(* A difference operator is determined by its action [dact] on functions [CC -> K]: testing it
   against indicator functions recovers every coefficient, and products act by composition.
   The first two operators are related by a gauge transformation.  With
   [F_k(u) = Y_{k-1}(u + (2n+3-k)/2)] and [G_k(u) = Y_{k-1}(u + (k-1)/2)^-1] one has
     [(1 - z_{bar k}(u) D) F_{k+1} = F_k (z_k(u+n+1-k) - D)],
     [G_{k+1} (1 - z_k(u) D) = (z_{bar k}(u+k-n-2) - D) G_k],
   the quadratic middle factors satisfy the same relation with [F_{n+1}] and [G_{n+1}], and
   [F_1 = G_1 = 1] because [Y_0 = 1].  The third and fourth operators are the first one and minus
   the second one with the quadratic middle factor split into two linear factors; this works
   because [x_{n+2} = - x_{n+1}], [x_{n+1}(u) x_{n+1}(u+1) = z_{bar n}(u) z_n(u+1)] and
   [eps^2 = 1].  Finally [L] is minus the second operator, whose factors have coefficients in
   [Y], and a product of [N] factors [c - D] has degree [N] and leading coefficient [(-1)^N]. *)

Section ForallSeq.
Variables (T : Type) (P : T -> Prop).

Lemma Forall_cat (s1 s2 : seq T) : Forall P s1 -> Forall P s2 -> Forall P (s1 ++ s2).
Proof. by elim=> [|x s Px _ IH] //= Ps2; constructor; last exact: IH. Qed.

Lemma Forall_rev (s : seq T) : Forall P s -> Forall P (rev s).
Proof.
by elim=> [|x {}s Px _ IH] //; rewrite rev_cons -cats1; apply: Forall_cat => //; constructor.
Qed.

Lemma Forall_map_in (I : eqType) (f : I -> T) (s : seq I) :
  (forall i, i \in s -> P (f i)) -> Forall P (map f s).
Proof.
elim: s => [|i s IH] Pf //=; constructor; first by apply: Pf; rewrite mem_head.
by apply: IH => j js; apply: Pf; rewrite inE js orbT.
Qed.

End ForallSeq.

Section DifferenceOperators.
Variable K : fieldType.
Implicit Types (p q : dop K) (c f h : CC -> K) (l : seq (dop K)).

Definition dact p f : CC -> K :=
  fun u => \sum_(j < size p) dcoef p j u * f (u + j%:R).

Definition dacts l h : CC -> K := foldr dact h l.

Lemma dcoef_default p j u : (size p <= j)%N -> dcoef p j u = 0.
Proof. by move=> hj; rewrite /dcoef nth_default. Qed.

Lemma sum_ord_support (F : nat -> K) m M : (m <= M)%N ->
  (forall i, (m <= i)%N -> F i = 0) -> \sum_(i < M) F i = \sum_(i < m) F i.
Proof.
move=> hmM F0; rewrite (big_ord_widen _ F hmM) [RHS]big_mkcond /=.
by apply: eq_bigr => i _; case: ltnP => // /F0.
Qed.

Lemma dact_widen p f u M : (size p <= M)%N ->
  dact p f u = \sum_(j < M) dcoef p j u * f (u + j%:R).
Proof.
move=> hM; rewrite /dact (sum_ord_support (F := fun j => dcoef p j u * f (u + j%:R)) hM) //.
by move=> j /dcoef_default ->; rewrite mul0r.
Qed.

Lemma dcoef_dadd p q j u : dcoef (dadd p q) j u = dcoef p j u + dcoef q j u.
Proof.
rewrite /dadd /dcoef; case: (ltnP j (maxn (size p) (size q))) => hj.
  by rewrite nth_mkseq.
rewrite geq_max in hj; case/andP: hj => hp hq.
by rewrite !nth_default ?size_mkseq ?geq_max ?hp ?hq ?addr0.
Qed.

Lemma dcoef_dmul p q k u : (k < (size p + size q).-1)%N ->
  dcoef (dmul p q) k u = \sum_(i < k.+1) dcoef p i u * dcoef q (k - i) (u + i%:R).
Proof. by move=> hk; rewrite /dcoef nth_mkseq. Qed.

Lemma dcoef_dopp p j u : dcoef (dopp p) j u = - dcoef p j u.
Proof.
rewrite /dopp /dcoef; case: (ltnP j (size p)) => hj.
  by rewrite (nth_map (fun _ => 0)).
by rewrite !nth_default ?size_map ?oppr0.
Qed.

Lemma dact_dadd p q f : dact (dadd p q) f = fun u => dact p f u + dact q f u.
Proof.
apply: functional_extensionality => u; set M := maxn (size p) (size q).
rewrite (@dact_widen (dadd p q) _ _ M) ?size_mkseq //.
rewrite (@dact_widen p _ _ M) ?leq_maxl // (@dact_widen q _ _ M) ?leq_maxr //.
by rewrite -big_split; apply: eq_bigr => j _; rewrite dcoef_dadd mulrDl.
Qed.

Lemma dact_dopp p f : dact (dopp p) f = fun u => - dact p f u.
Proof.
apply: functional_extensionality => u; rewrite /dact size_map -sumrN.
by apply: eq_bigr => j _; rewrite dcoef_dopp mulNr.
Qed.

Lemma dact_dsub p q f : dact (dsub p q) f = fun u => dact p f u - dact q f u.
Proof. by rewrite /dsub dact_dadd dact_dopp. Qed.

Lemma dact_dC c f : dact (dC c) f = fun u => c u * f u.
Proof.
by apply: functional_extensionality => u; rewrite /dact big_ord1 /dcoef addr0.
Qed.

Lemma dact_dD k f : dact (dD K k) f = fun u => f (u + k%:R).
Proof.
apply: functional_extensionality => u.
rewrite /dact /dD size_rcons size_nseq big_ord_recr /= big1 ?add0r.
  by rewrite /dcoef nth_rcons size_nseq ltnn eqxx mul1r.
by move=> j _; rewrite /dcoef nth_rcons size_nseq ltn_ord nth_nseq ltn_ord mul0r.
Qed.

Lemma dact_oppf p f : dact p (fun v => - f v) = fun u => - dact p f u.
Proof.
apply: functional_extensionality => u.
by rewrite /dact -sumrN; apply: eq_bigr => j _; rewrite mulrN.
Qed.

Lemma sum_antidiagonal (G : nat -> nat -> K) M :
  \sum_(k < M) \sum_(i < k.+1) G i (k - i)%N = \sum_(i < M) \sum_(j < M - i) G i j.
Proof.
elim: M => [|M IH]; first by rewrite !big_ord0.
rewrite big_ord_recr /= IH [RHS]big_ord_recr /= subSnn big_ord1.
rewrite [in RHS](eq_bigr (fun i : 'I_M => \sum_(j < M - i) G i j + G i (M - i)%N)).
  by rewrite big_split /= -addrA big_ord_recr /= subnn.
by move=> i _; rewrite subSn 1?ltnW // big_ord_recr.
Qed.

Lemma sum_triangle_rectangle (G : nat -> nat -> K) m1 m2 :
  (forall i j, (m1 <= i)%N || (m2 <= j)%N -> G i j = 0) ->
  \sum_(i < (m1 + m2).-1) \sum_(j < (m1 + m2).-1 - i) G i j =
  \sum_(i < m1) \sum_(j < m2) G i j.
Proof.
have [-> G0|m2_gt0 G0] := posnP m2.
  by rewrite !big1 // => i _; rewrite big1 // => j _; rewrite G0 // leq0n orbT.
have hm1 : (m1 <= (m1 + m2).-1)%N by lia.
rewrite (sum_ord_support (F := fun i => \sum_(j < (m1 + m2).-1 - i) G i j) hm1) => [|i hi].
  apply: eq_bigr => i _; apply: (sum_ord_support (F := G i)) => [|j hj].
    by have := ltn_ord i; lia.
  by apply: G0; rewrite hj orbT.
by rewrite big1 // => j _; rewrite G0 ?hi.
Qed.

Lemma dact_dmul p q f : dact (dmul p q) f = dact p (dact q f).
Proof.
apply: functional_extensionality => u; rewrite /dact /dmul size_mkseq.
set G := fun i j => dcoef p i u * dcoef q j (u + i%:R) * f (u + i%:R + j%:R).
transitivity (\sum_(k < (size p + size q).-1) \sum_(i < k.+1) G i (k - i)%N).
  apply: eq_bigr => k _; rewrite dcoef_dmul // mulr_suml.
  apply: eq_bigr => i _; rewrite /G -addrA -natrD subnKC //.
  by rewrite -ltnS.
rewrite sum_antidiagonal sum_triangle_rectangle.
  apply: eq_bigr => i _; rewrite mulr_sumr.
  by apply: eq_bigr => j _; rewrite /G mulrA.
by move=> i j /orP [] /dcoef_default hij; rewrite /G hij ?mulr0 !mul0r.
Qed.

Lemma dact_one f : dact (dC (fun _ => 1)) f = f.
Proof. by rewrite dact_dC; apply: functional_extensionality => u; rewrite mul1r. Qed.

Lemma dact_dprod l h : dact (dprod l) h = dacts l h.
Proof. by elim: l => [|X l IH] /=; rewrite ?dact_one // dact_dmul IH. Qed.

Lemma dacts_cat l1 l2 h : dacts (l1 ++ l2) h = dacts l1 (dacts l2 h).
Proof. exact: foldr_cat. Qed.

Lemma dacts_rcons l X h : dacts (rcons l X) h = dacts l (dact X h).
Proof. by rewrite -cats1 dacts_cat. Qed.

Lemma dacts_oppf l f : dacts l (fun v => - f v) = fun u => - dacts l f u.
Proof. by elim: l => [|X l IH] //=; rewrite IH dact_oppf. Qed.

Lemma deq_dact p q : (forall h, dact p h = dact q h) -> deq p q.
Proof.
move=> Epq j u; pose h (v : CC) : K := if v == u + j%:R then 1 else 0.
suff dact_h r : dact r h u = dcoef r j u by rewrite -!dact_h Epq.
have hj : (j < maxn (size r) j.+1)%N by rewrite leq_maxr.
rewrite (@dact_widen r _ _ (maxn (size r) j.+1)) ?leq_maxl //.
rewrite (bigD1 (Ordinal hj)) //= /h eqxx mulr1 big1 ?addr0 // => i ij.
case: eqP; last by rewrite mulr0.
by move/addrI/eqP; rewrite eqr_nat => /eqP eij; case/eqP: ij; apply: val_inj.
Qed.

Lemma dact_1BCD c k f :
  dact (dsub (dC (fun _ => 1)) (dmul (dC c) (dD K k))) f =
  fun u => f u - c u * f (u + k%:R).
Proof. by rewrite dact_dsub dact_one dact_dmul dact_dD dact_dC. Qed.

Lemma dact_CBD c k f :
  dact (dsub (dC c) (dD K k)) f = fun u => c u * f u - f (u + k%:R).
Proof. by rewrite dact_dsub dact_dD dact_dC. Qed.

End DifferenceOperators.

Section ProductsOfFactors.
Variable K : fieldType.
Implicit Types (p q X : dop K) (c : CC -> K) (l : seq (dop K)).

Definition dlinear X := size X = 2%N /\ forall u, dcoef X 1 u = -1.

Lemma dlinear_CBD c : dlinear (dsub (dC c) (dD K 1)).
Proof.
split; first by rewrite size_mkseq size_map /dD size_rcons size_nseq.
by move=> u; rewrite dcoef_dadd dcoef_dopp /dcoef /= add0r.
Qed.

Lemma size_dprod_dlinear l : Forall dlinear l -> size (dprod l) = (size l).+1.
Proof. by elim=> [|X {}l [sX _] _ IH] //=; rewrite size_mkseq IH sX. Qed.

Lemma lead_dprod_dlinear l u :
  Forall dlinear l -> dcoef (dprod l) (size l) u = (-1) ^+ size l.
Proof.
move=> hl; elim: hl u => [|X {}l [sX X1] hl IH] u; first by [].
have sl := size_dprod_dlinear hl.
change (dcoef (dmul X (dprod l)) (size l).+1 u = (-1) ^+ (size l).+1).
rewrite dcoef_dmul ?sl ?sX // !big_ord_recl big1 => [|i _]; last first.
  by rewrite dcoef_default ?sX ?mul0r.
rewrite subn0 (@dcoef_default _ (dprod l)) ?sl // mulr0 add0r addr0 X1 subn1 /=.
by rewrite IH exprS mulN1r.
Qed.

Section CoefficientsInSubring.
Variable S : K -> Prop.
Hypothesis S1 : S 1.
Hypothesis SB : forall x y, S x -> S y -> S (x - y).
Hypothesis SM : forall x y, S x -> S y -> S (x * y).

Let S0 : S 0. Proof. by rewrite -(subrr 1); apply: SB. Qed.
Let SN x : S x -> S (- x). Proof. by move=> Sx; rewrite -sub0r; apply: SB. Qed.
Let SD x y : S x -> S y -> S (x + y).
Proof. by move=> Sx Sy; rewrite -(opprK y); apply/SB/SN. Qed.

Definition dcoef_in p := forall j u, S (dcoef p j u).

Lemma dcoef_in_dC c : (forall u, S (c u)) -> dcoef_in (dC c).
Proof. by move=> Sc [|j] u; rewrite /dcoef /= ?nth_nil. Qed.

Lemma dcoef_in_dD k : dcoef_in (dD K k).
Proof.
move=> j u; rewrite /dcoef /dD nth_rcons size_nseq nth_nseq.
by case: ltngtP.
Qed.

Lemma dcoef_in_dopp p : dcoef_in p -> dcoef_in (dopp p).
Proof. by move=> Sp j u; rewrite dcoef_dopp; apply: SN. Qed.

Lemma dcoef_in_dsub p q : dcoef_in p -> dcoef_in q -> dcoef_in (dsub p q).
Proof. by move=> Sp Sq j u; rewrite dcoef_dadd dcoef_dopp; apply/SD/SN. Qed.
=======
Directions for this task:
Which lines belong in the answer? Exactly those from the first line of the entries through the line holding "(1 - z_k(u) D)", inclusive, copied unchanged.

Output below:
(* A difference operator is determined by its action [dact] on functions [CC -> K]: testing it
   against indicator functions recovers every coefficient, and products act by composition.
   The first two operators are related by a gauge transformation.  With
   [F_k(u) = Y_{k-1}(u + (2n+3-k)/2)] and [G_k(u) = Y_{k-1}(u + (k-1)/2)^-1] one has
     [(1 - z_{bar k}(u) D) F_{k+1} = F_k (z_k(u+n+1-k) - D)],
     [G_{k+1} (1 - z_k(u) D) = (z_{bar k}(u+k-n-2) - D) G_k],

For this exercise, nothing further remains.